### What to produce
In the material below, the required lines run from the one containing "have [L3 [Y1" through the one containing "have [N HN]". Copy those lines exactly, ends included, and nothing else.

### Data shown
Lemma separated_refinement X Y f c : 0 < c -> unbounded X -> unbounded Y ->
  (exists M, forall n, `|f n| <= M) -> ~ oscillation_le X f c ->
  exists X' Y', [/\ X' `<=` X, Y' `<=` Y, unbounded X', unbounded Y' &
    forall m n, X' m -> Y' n -> c / 16 <= `|f m - f n|].
Proof.
move=> c0 uX uY fB osc.
have [L1 [L2 [X1 [X2 [[X1X uX1 cvg1] [[X2X uX2 cvg2] L12]]]]]] :=
  two_cluster_values c0 uX fB osc.
have [L3 [Y1 [Y1Y uY1 cvg3]]] := bolzano_weierstrass_on uY fB.
have [La [Xa [XaX uXa cvga far]]] : exists La Xa,
    [/\ Xa `<=` X, unbounded Xa, cvg_on Xa f La & c / 16 * 2 <= `|La - L3|].
  have [far1|near1] := leP (c / 16 * 2) `|L1 - L3|; first by exists L1, X1.
  exists L2, X2; split=> //.
  by have := ler_distD L3 L1 L2; rewrite (distrC L3 L2); lra.
have [N HN] := cvg_on_separated (ltac:(lra) : 0 < c / 16) cvga cvg3 far.
exists (Xa `&` [set m | (N <= m)%N]), (Y1 `&` [set n | (N <= n)%N]).
split; [by move=> m [/XaX] | by move=> n [/Y1Y] | exact: unbounded_tail
       | exact: unbounded_tail | by move=> m n [Xam Nm] [Y1n Nn]; apply: HN].
Qed.

Lemma sum_sqr_le_of_dist (T : eqType) (r : seq T) (x y : T -> R) (d : R) :
  0 <= d -> (forall u, u \in r -> d <= `|x u - y u|) ->
  (size r)%:R * d ^+ 2 <= 2 * \sum_(u <- r) x u ^+ 2 + 2 * \sum_(u <- r) y u ^+ 2.
Proof.
move=> d0 dxy; rewrite -sum1_size natr_sum mulr_suml !mulr_sumr -big_split /=.
rewrite big_seq [X in _ <= X]big_seq; apply: ler_sum => u /dxy dxyu.
have : d ^+ 2 <= (x u - y u) ^+ 2.
  by rewrite -[X in _ <= X]real_normK ?num_real // ler_sqr ?nnegrE ?(le_trans d0).
have := sqr_ge0 (x u + y u); nra.
Qed.

End RealSequencesOnIndexSets.

Section SStar.
Variables (R : realType) (G : choiceType).
Implicit Types (A B : set G) (f : G -> R) (S : set (set G)).

Lemma sstar_set0 f : sstar set0 f = 0.
Proof. exact: fsbig_set0. Qed.

Lemma sstar_set1 f a : sstar [set a] f = f a.
Proof. exact: fsbig_set1. Qed.
(* Let $k\ge 2$, $n=2k$, $\mathcal{N}=\{0,1,\dots,n-1\}$, and let $A,B,C$ be the sets of elements of $\mathcal{N}$ congruent to $0,1,2 \pmod 3$ respectively. Let $j\in\{0,1,2\}$ with $\sum_{t\in\mathcal{N}}t\equiv j\pmod 3$. Let $X$ be a $(k-1)$-subset of $\mathcal{N}$ with $A\not\subset X$, $B\not\subset X$ and $C\not\subset X$. Then $X\in\mathcal{D}(\mathcal{R}_i)$ for every $i\in\{0,1,2\}$ with $i\equiv 1-j\pmod 3$ or $i\equiv 2-j\pmod 3$; that is, for each such $i$ there exist $X',Y'\in\mathcal{R}_i$ with $X=X'\setminus Y'$.
   Context: For $i\in\{0,1,2\}$, $\mathcal{R}_i=\{\{x_1,\dots,x_k\}\in\binom{\mathcal{N}}{k} : x_1+\dots+x_k\equiv i \pmod 3\}$, where $\binom{\mathcal{N}}{k}$ is the family of $k$-element subsets of $\mathcal{N}$. For a family $\mathcal{F}$, $\mathcal{D}(\mathcal{F})=\{F\setminus F' : F,F'\in\mathcal{F}\}$. *)

From mathcomp Require Import all_boot.
Set Implicit Arguments. Unset Strict Implicit. Unset Printing Implicit Defensive.

Definition Rfam (n k i : nat) : {set {set 'I_n}} :=
  [set F : {set 'I_n} | (#|F| == k) && ((\sum_(x in F) (x : nat)) %% 3 == i %% 3)].

Definition Dfam (n : nat) (F : {set {set 'I_n}}) : {set {set 'I_n}} :=
  [set X | [exists F1 in F, exists F2 in F, X == F1 :\: F2]].

Definition resid (n r : nat) : {set 'I_n} := [set x : 'I_n | x %% 3 == r].

From mathcomp Require Import all_boot.
From mathcomp Require Import zify.

Set Implicit Arguments.
Unset Strict Implicit.
Unset Printing Implicit Defensive.

(* Let x be the element sum of X, so that the complement of X sums to j - x
   mod 3.  Since no residue class mod 3 lies inside X, we can pick a outside X
   with a = i - x and b outside X with b = j - x - i (mod 3); a <> b because
   i + j is not 0 mod 3.  Then X + a and (complement of X) - b are k-sets whose
   sums are i mod 3, and the first one minus the second one is X. *)

Lemma DfamP n (F : {set {set 'I_n}}) X :
  reflect (exists2 F1, F1 \in F & exists2 F2, F2 \in F & X = F1 :\: F2)
          (X \in Dfam F).
Proof.
rewrite inE; apply: (iffP exists_inP).
  by case=> F1 F1F /exists_inP[F2 F2F /eqP]; exists F1 => //; exists F2.
case=> F1 F1F [F2 F2F ->].
by exists F1 => //; apply/exists_inP; exists F2.
Qed.

Lemma exists_notin_mod3 n (X : {set 'I_n}) :
  (forall r, r < 3 -> ~~ (resid n r \subset X)) ->
  forall m, exists2 y : 'I_n, y \notin X & y = m %[mod 3].
Proof.
move=> notsub m; have /subsetPn[y] := notsub _ (ltn_pmod m (isT : 0 < 3)).
by rewrite inE => /eqP ym yX; exists y.
Qed.

Lemma setU1_setD_setCD1 (T : finType) (X : {set T}) a b :
  a \notin X -> a != b -> X = (a |: X) :\: (~: X :\ b).
Proof.
move=> aX ab; apply/setP => t; rewrite !inE.
by case: (eqVneq t a) => [->|_]; rewrite ?(negbTE aX) ?ab //=; case: (t \in X); rewrite ?andbF.
Qed.

Lemma card_setCD1 (T : finType) (X : {set T}) b :
  b \notin X -> #|~: X :\ b| = (#|T| - #|X|).-1.
Proof.
by move=> bX; rewrite -(cardsC X) addKn (cardsD1 b (~: X)) inE bX add1n.
Qed.

Lemma sum_setC (T : finType) (X : {set T}) (F : T -> nat) :
  \sum_t F t = \sum_(t in X) F t + \sum_(t in ~: X) F t.
Proof.
rewrite (bigID (mem X)) /=; congr (_ + _).
by apply: eq_bigl => t; rewrite inE.
Qed.

Lemma admissible_residue i j : j < 3 ->
  (i %% 3 == (1 + 3 - j) %% 3) || (i %% 3 == (2 + 3 - j) %% 3) ->
  i + j != 0 %[mod 3].
Proof. lia. Qed.

Lemma residue_of_rest i j x b s :
  (x + (b + s)) %% 3 = j -> b = j + 2 * (x + i) %[mod 3] -> s = i %[mod 3].
Proof. lia. Qed.

Theorem lemma2p1 (k : nat) (hk : 2 <= k) (j : nat) (hj : j < 3)
  (hsum : (\sum_(t < 2 * k) t) %% 3 = j)
  (X : {set 'I_(2 * k)}) (hX : #|X| = k.-1)
  (hA : ~~ (resid (2 * k) 0 \subset X))
  (hB : ~~ (resid (2 * k) 1 \subset X))
  (hC : ~~ (resid (2 * k) 2 \subset X)) :
  forall i : nat, i < 3 ->
    (i %% 3 == (1 + 3 - j) %% 3) || (i %% 3 == (2 + 3 - j) %% 3) ->
    X \in Dfam (Rfam (2 * k) k i).
Proof.
move=> i _ /(admissible_residue hj) ij.
have outside : forall m, exists2 y : 'I_(2 * k), y \notin X & y = m %[mod 3].
  by apply: exists_notin_mod3 => -[|[|[|r]]].
set x := \sum_(t in X) (t : nat) in hsum *.
have [a aX a_mod] := outside (i + 2 * x).
have [b bX b_mod] := outside (j + 2 * (x + i)).
have ab : a != b by apply: contraNneq ij => ab_eq; move: a_mod b_mod; rewrite ab_eq; lia.
have bC : b \in ~: X by rewrite inE.
apply/DfamP; exists (a |: X); last exists (~: X :\ b).
- rewrite inE cardsU1 aX hX big_setU1 //= -/x; apply/andP; split; lia.
- rewrite inE card_setCD1 // card_ord hX; apply/andP; split; first lia.
  rewrite (sum_setC X) (big_setD1 b bC) -/x in hsum.
  by apply/eqP; apply: residue_of_rest hsum b_mod.
- exact: setU1_setD_setCD1.
Qed.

### Reply to the exercise
have [L3 [Y1 [Y1Y uY1 cvg3]]] := bolzano_weierstrass_on uY fB.
have [La [Xa [XaX uXa cvga far]]] : exists La Xa,
    [/\ Xa `<=` X, unbounded Xa, cvg_on Xa f La & c / 16 * 2 <= `|La - L3|].
  have [far1|near1] := leP (c / 16 * 2) `|L1 - L3|; first by exists L1, X1.
  exists L2, X2; split=> //.
  by have := ler_distD L3 L1 L2; rewrite (distrC L3 L2); lra.
have [N HN] := cvg_on_separated (ltac:(lra) : 0 < c / 16) cvga cvg3 far.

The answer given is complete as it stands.